▸ **ABOUT THIS TASK**: Begin at the line below that has "by rewrite integral_dirac// diracT mul1e." and stop after the line that has "measurable_fun setT f -> (forall". Please restate only those lines, word for word.
**** DATA EXTRACT ****
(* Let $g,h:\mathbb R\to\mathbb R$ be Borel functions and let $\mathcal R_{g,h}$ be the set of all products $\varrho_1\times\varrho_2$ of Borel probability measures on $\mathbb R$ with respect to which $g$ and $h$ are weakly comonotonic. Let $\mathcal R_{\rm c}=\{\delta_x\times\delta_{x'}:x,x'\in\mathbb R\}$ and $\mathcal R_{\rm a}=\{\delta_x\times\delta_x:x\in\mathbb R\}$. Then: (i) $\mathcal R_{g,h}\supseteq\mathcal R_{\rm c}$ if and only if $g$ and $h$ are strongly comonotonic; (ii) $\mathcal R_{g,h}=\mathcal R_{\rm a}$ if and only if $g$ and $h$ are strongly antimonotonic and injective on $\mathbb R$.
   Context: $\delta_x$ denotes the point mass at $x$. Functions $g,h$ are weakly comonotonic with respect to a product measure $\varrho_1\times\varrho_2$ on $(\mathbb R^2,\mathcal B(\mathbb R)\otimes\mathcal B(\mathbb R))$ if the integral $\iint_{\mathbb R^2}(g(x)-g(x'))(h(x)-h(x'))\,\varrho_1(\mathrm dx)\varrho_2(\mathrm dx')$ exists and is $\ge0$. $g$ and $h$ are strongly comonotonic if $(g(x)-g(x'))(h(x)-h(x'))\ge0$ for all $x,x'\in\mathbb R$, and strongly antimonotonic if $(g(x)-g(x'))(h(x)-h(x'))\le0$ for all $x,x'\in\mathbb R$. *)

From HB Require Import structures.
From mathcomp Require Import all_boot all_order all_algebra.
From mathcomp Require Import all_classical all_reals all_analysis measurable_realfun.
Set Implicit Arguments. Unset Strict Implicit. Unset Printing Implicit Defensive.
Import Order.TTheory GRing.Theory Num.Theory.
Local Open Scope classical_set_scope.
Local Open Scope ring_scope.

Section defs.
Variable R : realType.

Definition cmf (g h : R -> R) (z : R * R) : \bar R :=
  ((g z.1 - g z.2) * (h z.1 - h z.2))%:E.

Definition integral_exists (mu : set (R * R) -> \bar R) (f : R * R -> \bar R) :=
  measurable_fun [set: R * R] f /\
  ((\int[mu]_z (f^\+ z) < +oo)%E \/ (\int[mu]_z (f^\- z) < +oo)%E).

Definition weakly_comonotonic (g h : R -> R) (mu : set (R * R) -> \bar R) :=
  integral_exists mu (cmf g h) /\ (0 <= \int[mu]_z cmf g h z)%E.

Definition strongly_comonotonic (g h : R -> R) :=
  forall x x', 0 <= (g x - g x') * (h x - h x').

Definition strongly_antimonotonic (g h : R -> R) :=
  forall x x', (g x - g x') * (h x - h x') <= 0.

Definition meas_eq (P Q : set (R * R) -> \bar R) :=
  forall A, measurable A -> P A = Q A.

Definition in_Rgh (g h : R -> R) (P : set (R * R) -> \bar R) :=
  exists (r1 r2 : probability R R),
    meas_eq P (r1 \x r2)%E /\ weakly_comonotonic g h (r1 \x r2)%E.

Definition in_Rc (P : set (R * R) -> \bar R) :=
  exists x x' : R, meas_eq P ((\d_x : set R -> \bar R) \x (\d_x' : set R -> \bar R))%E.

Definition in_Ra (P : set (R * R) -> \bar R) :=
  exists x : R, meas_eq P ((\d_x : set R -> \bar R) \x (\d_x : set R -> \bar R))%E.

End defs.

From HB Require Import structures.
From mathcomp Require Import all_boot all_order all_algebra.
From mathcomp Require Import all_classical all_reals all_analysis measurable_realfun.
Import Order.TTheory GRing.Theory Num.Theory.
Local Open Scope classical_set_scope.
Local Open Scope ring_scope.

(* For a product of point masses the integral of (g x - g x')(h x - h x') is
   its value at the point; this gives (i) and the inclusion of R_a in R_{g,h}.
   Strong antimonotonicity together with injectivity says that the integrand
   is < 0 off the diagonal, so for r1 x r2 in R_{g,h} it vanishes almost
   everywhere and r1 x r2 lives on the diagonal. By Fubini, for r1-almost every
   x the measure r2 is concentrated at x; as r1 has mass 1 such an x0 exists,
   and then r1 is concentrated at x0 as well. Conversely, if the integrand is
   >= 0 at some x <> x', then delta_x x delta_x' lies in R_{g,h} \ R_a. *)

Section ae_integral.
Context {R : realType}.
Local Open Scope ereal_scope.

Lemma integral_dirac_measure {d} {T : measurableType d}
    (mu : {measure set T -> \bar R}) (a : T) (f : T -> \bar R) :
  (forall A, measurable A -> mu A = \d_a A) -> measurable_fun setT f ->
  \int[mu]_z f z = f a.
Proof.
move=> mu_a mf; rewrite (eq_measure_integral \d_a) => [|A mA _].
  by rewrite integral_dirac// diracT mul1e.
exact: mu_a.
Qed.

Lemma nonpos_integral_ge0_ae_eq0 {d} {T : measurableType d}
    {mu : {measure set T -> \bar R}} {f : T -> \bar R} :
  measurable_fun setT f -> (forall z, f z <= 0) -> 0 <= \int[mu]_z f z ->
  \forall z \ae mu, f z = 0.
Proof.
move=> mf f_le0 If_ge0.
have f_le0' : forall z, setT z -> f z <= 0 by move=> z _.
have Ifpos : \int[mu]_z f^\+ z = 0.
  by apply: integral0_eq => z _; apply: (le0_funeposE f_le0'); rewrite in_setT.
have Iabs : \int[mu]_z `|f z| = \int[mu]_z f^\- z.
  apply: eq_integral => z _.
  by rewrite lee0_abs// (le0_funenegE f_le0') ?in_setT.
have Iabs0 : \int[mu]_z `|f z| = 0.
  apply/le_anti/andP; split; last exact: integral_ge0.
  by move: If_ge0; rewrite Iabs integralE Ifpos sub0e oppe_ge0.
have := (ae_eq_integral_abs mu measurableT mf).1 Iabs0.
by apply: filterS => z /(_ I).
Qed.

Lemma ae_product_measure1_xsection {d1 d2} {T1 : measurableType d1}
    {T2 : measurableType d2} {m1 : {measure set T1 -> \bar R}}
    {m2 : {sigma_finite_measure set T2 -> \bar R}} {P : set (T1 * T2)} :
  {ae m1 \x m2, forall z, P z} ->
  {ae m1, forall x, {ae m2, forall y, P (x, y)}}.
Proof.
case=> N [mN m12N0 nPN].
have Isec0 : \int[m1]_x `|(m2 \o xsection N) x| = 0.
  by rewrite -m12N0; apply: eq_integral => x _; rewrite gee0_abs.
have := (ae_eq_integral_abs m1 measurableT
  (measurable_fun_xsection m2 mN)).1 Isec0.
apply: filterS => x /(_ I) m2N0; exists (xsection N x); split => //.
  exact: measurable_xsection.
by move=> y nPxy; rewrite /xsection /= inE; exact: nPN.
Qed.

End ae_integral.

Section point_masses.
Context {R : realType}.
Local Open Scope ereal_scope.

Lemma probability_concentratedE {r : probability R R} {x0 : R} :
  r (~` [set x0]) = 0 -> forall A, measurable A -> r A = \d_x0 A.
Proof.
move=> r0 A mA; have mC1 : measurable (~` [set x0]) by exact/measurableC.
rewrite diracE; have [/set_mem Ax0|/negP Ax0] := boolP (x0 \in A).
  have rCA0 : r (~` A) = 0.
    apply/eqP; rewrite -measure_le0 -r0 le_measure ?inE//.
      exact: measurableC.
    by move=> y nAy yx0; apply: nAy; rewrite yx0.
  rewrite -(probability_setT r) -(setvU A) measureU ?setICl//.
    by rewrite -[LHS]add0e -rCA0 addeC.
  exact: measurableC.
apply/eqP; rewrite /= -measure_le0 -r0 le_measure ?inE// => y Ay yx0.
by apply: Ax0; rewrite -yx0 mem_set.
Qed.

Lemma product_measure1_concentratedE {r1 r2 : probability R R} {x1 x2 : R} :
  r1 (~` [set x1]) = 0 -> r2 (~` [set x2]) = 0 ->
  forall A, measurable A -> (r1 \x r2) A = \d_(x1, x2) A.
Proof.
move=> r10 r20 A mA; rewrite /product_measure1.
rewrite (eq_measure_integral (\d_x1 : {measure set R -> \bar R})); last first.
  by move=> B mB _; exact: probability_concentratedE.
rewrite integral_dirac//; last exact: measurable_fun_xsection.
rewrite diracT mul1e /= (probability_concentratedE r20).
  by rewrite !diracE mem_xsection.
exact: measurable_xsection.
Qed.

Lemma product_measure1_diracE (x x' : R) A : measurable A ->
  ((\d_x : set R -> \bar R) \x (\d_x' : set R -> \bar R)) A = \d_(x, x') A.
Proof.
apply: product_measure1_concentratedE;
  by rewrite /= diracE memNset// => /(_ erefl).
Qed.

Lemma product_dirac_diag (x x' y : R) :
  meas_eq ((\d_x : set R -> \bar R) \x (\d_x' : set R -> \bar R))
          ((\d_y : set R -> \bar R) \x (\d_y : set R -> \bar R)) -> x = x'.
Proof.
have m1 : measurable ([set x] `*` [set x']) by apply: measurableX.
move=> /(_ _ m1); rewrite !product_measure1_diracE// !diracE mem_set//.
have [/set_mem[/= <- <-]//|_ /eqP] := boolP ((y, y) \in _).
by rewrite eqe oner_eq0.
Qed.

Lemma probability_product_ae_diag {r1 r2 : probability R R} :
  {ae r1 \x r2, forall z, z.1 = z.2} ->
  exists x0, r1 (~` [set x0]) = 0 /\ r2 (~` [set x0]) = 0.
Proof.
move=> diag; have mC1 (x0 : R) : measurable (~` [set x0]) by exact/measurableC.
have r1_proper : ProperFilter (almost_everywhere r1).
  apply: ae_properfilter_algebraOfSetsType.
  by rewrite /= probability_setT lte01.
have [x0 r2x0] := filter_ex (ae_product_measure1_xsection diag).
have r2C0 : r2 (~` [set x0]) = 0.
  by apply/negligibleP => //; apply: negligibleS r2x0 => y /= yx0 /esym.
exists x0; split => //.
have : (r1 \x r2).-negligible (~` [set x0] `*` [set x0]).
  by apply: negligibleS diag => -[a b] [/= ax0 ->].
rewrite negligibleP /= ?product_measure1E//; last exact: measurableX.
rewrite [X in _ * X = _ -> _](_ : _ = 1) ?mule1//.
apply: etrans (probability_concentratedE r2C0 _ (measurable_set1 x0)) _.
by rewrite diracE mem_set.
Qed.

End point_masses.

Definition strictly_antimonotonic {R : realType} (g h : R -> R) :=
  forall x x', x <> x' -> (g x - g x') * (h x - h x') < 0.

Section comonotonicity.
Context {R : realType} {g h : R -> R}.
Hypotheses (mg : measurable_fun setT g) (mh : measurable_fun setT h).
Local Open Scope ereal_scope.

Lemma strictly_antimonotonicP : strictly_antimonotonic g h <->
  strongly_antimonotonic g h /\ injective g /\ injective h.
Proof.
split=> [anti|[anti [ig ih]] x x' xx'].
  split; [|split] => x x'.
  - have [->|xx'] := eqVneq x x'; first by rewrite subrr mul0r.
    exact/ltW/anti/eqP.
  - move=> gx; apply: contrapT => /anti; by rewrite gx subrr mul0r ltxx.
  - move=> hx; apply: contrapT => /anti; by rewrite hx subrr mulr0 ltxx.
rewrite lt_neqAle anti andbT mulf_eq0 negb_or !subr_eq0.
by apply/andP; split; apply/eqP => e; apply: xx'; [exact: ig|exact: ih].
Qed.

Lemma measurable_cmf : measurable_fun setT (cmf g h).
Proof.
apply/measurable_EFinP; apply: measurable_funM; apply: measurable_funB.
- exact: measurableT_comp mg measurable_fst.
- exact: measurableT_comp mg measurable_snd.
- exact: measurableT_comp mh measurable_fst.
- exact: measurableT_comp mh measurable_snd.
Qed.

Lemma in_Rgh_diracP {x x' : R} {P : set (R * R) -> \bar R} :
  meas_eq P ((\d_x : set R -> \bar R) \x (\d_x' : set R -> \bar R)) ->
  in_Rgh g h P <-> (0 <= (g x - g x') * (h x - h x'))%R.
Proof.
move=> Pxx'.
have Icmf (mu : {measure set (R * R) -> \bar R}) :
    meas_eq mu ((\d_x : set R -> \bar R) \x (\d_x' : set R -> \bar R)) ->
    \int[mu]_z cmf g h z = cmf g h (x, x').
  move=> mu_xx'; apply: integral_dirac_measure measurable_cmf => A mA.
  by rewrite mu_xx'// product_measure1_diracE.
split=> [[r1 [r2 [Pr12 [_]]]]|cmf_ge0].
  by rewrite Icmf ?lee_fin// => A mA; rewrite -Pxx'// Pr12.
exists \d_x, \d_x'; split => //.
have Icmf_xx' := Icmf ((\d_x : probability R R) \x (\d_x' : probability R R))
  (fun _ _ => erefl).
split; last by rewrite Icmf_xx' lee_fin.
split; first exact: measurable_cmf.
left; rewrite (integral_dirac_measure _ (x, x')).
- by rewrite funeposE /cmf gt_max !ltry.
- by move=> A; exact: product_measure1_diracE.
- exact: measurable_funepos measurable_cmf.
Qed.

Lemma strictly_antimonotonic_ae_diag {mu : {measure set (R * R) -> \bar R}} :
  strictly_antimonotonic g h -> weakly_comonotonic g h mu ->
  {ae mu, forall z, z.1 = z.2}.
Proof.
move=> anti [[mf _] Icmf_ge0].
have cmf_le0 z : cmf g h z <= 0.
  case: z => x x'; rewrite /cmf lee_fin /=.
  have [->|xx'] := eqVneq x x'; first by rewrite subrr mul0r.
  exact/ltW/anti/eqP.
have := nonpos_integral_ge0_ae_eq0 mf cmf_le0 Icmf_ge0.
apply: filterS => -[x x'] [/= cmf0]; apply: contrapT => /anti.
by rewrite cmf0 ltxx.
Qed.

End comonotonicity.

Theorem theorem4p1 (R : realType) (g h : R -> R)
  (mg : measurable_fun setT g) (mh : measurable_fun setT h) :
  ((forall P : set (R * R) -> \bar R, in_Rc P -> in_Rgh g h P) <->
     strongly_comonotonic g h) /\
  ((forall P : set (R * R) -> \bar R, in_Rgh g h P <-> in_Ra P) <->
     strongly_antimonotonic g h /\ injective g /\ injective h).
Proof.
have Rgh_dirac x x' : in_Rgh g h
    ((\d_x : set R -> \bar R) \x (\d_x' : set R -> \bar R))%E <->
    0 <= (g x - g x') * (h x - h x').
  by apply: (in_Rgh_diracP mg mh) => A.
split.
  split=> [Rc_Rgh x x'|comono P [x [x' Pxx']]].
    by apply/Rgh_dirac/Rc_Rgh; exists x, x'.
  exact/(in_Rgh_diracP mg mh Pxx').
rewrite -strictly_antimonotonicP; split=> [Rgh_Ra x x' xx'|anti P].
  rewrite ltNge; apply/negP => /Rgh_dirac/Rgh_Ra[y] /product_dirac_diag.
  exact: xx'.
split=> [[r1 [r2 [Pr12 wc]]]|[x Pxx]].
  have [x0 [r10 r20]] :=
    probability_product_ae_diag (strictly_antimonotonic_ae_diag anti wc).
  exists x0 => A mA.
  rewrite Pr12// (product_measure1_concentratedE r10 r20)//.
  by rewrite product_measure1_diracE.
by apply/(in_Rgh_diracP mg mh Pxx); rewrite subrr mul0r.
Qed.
****
**** DATA EXTRACT ****
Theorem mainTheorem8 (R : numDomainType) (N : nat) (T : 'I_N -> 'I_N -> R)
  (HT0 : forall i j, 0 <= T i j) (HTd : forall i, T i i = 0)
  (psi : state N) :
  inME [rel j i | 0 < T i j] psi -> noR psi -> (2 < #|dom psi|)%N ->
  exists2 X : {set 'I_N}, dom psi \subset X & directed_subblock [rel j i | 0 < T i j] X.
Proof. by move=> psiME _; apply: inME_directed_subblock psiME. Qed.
****
▸ **WRITTEN RESPONSE**:
  by rewrite integral_dirac// diracT mul1e.
exact: mu_a.
Qed.

Lemma nonpos_integral_ge0_ae_eq0 {d} {T : measurableType d}
    {mu : {measure set T -> \bar R}} {f : T -> \bar R} :
  measurable_fun setT f -> (forall z, f z <= 0) -> 0 <= \int[mu]_z f z ->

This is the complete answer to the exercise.